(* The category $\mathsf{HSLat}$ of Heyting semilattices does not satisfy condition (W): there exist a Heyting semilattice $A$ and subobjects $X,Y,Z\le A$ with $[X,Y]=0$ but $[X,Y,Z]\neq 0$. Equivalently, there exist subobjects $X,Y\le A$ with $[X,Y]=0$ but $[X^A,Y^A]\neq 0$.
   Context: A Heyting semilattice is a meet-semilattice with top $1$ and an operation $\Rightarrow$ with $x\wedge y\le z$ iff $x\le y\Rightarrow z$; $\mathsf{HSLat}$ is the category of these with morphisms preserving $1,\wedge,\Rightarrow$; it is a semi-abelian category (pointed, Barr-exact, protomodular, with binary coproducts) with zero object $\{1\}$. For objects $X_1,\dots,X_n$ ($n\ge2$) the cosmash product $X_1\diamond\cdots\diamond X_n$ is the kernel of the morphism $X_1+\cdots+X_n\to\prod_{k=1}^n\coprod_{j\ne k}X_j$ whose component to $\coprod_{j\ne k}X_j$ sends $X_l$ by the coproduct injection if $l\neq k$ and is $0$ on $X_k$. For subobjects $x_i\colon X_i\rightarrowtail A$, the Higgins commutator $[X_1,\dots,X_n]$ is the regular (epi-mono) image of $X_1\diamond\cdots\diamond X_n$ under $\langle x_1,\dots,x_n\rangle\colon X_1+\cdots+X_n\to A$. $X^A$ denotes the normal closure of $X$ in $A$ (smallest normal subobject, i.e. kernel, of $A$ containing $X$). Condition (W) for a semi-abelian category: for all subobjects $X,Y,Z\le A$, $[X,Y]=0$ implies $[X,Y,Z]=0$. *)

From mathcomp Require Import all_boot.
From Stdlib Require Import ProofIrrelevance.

---

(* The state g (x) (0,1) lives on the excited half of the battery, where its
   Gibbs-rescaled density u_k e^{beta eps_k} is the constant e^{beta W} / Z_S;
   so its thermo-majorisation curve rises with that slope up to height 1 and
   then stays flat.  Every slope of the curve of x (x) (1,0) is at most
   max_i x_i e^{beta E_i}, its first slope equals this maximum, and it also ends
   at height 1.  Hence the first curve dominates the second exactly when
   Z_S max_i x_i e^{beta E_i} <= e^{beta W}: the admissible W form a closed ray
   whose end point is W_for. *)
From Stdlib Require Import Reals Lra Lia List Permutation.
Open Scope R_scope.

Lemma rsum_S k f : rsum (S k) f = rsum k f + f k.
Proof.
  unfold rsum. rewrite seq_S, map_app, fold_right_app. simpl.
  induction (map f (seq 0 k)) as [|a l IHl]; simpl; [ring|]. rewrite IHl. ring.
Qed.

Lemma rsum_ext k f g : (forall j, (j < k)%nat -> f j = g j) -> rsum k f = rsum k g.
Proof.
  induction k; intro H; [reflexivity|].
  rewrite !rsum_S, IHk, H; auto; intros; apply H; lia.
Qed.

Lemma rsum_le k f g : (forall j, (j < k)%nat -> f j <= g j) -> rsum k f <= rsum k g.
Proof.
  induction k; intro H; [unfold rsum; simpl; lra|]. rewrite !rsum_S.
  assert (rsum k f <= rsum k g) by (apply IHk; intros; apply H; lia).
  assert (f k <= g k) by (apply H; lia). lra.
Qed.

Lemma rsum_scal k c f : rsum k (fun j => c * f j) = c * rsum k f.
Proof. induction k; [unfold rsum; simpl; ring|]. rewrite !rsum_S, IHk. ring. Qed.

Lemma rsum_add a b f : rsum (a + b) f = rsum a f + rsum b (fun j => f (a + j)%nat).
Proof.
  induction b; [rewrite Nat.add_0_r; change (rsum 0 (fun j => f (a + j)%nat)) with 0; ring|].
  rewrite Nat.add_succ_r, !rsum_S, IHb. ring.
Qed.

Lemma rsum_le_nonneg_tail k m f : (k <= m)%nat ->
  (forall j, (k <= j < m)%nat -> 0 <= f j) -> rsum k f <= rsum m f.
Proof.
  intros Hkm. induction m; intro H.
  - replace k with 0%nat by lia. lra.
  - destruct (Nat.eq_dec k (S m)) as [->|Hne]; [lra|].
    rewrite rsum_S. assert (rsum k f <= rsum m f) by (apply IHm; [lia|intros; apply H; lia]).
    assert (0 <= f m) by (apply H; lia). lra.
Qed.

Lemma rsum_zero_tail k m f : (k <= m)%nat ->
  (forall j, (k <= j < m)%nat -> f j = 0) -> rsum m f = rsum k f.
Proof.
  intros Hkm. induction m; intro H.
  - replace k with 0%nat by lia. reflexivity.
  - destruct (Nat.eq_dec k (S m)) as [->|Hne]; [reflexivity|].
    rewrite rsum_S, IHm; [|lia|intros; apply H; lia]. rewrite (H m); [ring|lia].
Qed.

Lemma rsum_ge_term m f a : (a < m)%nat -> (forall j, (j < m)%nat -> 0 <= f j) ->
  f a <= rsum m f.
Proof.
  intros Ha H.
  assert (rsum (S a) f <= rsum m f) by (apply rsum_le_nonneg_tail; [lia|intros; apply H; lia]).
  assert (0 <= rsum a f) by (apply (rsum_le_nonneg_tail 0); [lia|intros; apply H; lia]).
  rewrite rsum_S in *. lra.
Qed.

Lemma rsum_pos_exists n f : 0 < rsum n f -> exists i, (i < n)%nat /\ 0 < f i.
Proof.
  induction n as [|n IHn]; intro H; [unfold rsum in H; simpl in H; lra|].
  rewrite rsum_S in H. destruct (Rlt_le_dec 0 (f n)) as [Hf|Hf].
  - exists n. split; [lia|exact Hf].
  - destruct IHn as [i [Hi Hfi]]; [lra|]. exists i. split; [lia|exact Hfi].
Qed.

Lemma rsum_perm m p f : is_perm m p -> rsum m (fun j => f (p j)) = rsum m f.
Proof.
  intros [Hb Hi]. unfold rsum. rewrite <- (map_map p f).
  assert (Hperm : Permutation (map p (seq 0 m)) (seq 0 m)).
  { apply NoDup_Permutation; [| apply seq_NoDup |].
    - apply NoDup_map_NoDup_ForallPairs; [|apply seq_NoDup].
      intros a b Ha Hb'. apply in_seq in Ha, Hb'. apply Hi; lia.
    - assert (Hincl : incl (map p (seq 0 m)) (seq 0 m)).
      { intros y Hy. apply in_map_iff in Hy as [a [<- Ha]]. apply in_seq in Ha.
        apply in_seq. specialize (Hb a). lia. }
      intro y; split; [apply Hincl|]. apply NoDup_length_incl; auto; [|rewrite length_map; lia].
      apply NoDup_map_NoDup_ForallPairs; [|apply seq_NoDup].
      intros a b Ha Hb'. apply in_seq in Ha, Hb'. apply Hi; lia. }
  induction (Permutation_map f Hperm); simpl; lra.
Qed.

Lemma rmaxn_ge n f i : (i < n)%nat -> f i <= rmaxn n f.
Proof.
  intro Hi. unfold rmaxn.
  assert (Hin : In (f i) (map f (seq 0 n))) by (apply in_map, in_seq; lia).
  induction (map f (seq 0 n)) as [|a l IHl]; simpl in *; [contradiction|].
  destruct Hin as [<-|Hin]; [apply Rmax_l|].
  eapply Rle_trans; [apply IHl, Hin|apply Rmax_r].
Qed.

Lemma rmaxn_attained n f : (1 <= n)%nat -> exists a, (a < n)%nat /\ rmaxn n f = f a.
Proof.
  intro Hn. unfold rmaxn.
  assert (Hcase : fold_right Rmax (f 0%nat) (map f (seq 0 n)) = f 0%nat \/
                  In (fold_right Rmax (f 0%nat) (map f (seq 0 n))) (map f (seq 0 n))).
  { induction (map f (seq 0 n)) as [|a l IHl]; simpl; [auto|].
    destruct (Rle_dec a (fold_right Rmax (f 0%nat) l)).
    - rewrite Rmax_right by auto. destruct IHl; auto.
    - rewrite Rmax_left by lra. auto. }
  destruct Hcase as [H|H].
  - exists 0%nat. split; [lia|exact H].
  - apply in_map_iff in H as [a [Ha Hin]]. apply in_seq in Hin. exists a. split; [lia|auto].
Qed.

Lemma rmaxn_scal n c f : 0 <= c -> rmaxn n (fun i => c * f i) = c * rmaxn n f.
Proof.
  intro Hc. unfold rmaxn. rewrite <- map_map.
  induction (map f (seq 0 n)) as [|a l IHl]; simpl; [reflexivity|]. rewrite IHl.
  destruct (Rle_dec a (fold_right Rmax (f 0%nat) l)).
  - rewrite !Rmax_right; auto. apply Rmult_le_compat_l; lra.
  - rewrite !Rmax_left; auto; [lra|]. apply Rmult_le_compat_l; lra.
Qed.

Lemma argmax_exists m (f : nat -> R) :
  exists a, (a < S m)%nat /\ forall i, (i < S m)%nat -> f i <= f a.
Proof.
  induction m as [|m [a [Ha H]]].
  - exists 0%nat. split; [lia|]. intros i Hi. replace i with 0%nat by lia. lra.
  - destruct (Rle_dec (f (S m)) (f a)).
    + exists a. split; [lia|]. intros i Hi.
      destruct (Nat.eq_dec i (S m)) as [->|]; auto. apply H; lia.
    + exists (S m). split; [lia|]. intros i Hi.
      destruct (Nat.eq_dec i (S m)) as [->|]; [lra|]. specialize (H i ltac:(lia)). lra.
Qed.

◆ WHAT YOU SHOULD DO:
From the data above, reproduce word for word the lines running from the line with "then stays flat." to the line with "at height 1.", ends included.

◆ EXERCISE ANSWER:
   then stays flat.  Every slope of the curve of x (x) (1,0) is at most
   max_i x_i e^{beta E_i}, its first slope equals this maximum, and it also ends
   at height 1.  Hence the first curve dominates the second exactly when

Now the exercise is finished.